=== THE TASK ===
When you reach the line containing "l2norm (trunc T (P u)) <= k" in the entries below, start writing out each line exactly, and stop after the line containing "Definition angle_cosines P".

Data extracted from a collection
Lemma causal_stable_trunc_gain {P} : is_system P -> causal P -> stable P ->
  exists2 k, 0 <= k & forall u T, L2ep u -> 0 <= T ->
    l2norm (trunc T (P u)) <= k * l2norm (trunc T u).
Proof.
move=> sP Pcausal [PL2p [c gain]].
exists (Num.max c 0) => [|u T Lu T0]; first by rewrite le_max lexx orbT.
have [Tu0 | Tu_neq0] := eqVneq (l2norm (trunc T u)) 0.
  by rewrite (causal_trunc_norm0 sP Pcausal Lu T0 Tu0) Tu0 mulr0.
have L_PTu := (PL2p _ (Lu T T0)).1.
have L_TPTu := L2_trunc (L2ep_system sP (L2ep_trunc Lu T0)) T0.
rewrite (eq_l2norm_ae (Pcausal T u T0 Lu)); last 2 first.
- exact: L2_measurable (L2_trunc (L2ep_system sP Lu) T0).
- exact: L2_measurable L_TPTu.
apply: le_trans (l2norm_trunc_le T L_PTu L_TPTu) _.
have Tu_gt0 : 0 < l2norm (trunc T u) by rewrite lt_neqAle eq_sym Tu_neq0 l2norm_ge0.
have := gain _ (Lu T T0) Tu_neq0; rewrite ler_pdivrMr // => /le_trans; apply.
by rewrite ler_wpM2r ?l2norm_ge0 // le_max lexx.
Qed.

End CausalSystems.

Section SingularAngle.
Context {R : realType} {n : nat}.
Implicit Types (P : signal R n -> signal R n) (u : signal R n).

Definition angle_cosines P : set R :=
  [set r | exists u T, [/\ L2ep u, 0 < T, l2norm (trunc T u) != 0,
                               l2norm (trunc T (P u)) != 0 &
       r = l2inner (trunc T u) (trunc T (P u)) /
           (l2norm (trunc T u) * l2norm (trunc T (P u)))]].

Lemma cos_theta_eE P : cos_theta_e P = inf (angle_cosines P).
Proof. by []. Qed.

Lemma angle_cosines_bound {P r} : is_system P -> angle_cosines P r -> -1 <= r <= 1.
Proof.
move=> sP [u [T [Lu T_gt0 Nu NPu ->]]].
have T0 := ltW T_gt0.
have N_gt0 : 0 < l2norm (trunc T u) * l2norm (trunc T (P u)).
  by rewrite mulr_gt0 // lt_neqAle eq_sym ?Nu ?NPu l2norm_ge0.
rewrite -ler_norml normrM normfV (gtr0_norm N_gt0) ler_pdivrMr // mul1r.
exact: l2_CauchySchwarz (L2_trunc Lu T0) (L2_trunc (L2ep_system sP Lu) T0).
Qed.

Lemma has_lbound_angle_cosines {P} : is_system P -> has_lbound (angle_cosines P).
Proof. by move=> sP; exists (-1) => r /(angle_cosines_bound sP) /andP[]. Qed.

Lemma cos_theta_e_bound {P} : is_system P -> -1 <= cos_theta_e P <= 1.
Proof.
move=> sP; rewrite cos_theta_eE.
have [->|/set0P[r Sr]] := eqVneq (angle_cosines P) set0.
  by rewrite inf0 lerN10 ler01.
have /andP[r_ge r_le] := angle_cosines_bound sP Sr.
apply/andP; split.
  by apply: lb_le_inf; [exists r | move=> x /(angle_cosines_bound sP) /andP[]].
exact: le_trans (ge_inf (has_lbound_angle_cosines sP) Sr) r_le.
Qed.

Lemma cos_theta_e_le {P u T} : is_system P -> L2ep u -> 0 <= T ->
  cos_theta_e P * (l2norm (trunc T u) * l2norm (trunc T (P u)))
    <= l2inner (trunc T u) (trunc T (P u)).
Proof.
move=> sP Lu T0.
have CS := l2_CauchySchwarz (L2_trunc Lu T0) (L2_trunc (L2ep_system sP Lu) T0).
have [N0 | N_neq0] := eqVneq (l2norm (trunc T u) * l2norm (trunc T (P u))) 0.
  by move: CS; rewrite N0 mulr0 normr_le0 => /eqP ->.
have [Nu NPu] : l2norm (trunc T u) != 0 /\ l2norm (trunc T (P u)) != 0.
  by split; apply: contra N_neq0 => /eqP ->; rewrite ?mul0r ?mulr0.
have T_gt0 : 0 < T.
  rewrite lt_neqAle T0 andbT; apply/eqP => T_eq0; move: Nu.
  by rewrite -T_eq0 l2norm_trunc0 ?eqxx.
have N_gt0 : 0 < l2norm (trunc T u) * l2norm (trunc T (P u)).
  by rewrite lt_neqAle eq_sym N_neq0 mulr_ge0 ?l2norm_ge0.
rewrite -ler_pdivlMr // cos_theta_eE; apply: ge_inf; first exact: has_lbound_angle_cosines.
by exists u, T; split.
Qed.

Lemma acos_add_lt_pi {p q : R} : -1 <= p <= 1 -> -1 <= q <= 1 ->
  acos p + acos q < pi -> 0 < p + q.
Proof.
move=> p_bd /andP[q_ge q_le] lt_pi.
have Nq_bd : -1 <= - q <= 1 by rewrite lerNr opprK q_le lerNl.
have acos_p_in : acos p \in `[0, pi] by rewrite in_itv /= acos_ge0 // acos_lepi.
have acos_Nq_in : acos (- q) \in `[0, pi] by rewrite in_itv /= acos_ge0 // acos_lepi.
have : acos p < acos (- q) by rewrite acosN ?q_ge // ltrBrDr.
by rewrite -(ltr_cos acos_p_in acos_Nq_in) !acosK ?in_itv //= -ltrBlDr sub0r.
Qed.

End SingularAngle.

Section FeedbackLoop.
Context {R : realType} {n : nat}.
Context {P C : signal R n -> signal R n} {e1 u1 u2 : signal R n} {T : R}.
Hypotheses (sP : is_system P) (sC : is_system C) (Ccausal : causal C).
Hypotheses (Le1 : L2ep e1) (Lu1 : L2ep u1) (Lu2 : L2ep u2) (T0 : 0 <= T).
Hypotheses (loop1 : aeeq u1 (e1 \- C u2)) (loop2 : aeeq u2 (P u1)).

Local Notation a := (trunc T u1).
Local Notation b := (trunc T u2).
Local Notation c := (trunc T (C u2)).
Local Notation e := (trunc T e1).

Let La : L2 a := L2_trunc Lu1 T0.
Let Lb : L2 b := L2_trunc Lu2 T0.
Let Lc : L2 c := L2_trunc (L2ep_system sC Lu2) T0.
Let Le : L2 e := L2_trunc Le1 T0.
Let LPa : L2 (trunc T (P u1)) := L2_trunc (L2ep_system sP Lu1) T0.

Let ma := L2_measurable La.
Let mb := L2_measurable Lb.
Let mc := L2_measurable Lc.
Let me := L2_measurable Le.
Let mPa := L2_measurable LPa.
Let mea := measurable_signalB me ma.
Let mec := measurable_signalB me mc.

Let a_ae : aeeq a (e \- c).
Proof. by rewrite -truncB; exact: trunc_aeeq. Qed.

Let b_ae : aeeq b (trunc T (P u1)).
Proof. exact: trunc_aeeq. Qed.

Lemma loop_dist_norm_le : `|l2norm a - l2norm c| <= l2norm e.
Proof.
have c_ae : aeeq c (e \- a) by apply: aeS a_ae => t /= ->; rewrite opprB addrC subrK.
have := l2normB_le Le Lc; have := l2normB_le Le La.
by rewrite -(eq_l2norm_ae a_ae) // -(eq_l2norm_ae c_ae) // ler_norml; lra.
Qed.

Lemma loop_angle_bound : cos_theta_e P * l2norm a + cos_theta_e C * l2norm c <= l2norm e.
Proof.
have [b0 | b_neq0] := eqVneq (l2norm b) 0.
  have /andP[_ p_le1] := cos_theta_e_bound sP.
  have := loop_dist_norm_le; rewrite (causal_trunc_norm0 sC Ccausal Lu2 T0 b0).
  rewrite mulr0 addr0 subr0 (ger0_norm (l2norm_ge0 _)) => a_le.
  by apply: le_trans a_le; rewrite ler_piMl ?l2norm_ge0.
have b_gt0 : 0 < l2norm b by rewrite lt_neqAle eq_sym b_neq0 l2norm_ge0.
have angleP := cos_theta_e_le sP Lu1 T0.
rewrite -(eq_l2norm_ae b_ae) // -(eq_l2inner_ae (aeeq_refl a) b_ae) // in angleP.
have angleC := cos_theta_e_le sC Lu2 T0.
have inner_ab : l2inner a b = l2inner e b - l2inner b c.
  by rewrite (eq_l2inner_ae a_ae (aeeq_refl b)) ?l2innerBl ?(l2innerC c).
have inner_eb := le_trans (ler_norm _) (l2_CauchySchwarz Le Lb).
by rewrite -(ler_pM2r b_gt0) mulrDl; nra.
Qed.

Lemma loop_trunc_bound : (cos_theta_e P + cos_theta_e C) * l2norm a <= 2 * l2norm e.
Proof.
have /andP[q_ge q_le] := cos_theta_e_bound sC.
have q_norm : `|cos_theta_e C| <= 1 by rewrite ler_norml q_ge q_le.
have := mul_le_add_dist q_norm loop_dist_norm_le.
have := loop_angle_bound; rewrite mulrDl; lra.
Qed.

End FeedbackLoop.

=== FINISHED EXERCISE ===
    l2norm (trunc T (P u)) <= k * l2norm (trunc T u).
Proof.
move=> sP Pcausal [PL2p [c gain]].
exists (Num.max c 0) => [|u T Lu T0]; first by rewrite le_max lexx orbT.
have [Tu0 | Tu_neq0] := eqVneq (l2norm (trunc T u)) 0.
  by rewrite (causal_trunc_norm0 sP Pcausal Lu T0 Tu0) Tu0 mulr0.
have L_PTu := (PL2p _ (Lu T T0)).1.
have L_TPTu := L2_trunc (L2ep_system sP (L2ep_trunc Lu T0)) T0.
rewrite (eq_l2norm_ae (Pcausal T u T0 Lu)); last 2 first.
- exact: L2_measurable (L2_trunc (L2ep_system sP Lu) T0).
- exact: L2_measurable L_TPTu.
apply: le_trans (l2norm_trunc_le T L_PTu L_TPTu) _.
have Tu_gt0 : 0 < l2norm (trunc T u) by rewrite lt_neqAle eq_sym Tu_neq0 l2norm_ge0.
have := gain _ (Lu T T0) Tu_neq0; rewrite ler_pdivrMr // => /le_trans; apply.
by rewrite ler_wpM2r ?l2norm_ge0 // le_max lexx.
Qed.

End CausalSystems.

Section SingularAngle.
Context {R : realType} {n : nat}.
Implicit Types (P : signal R n -> signal R n) (u : signal R n).

Definition angle_cosines P : set R :=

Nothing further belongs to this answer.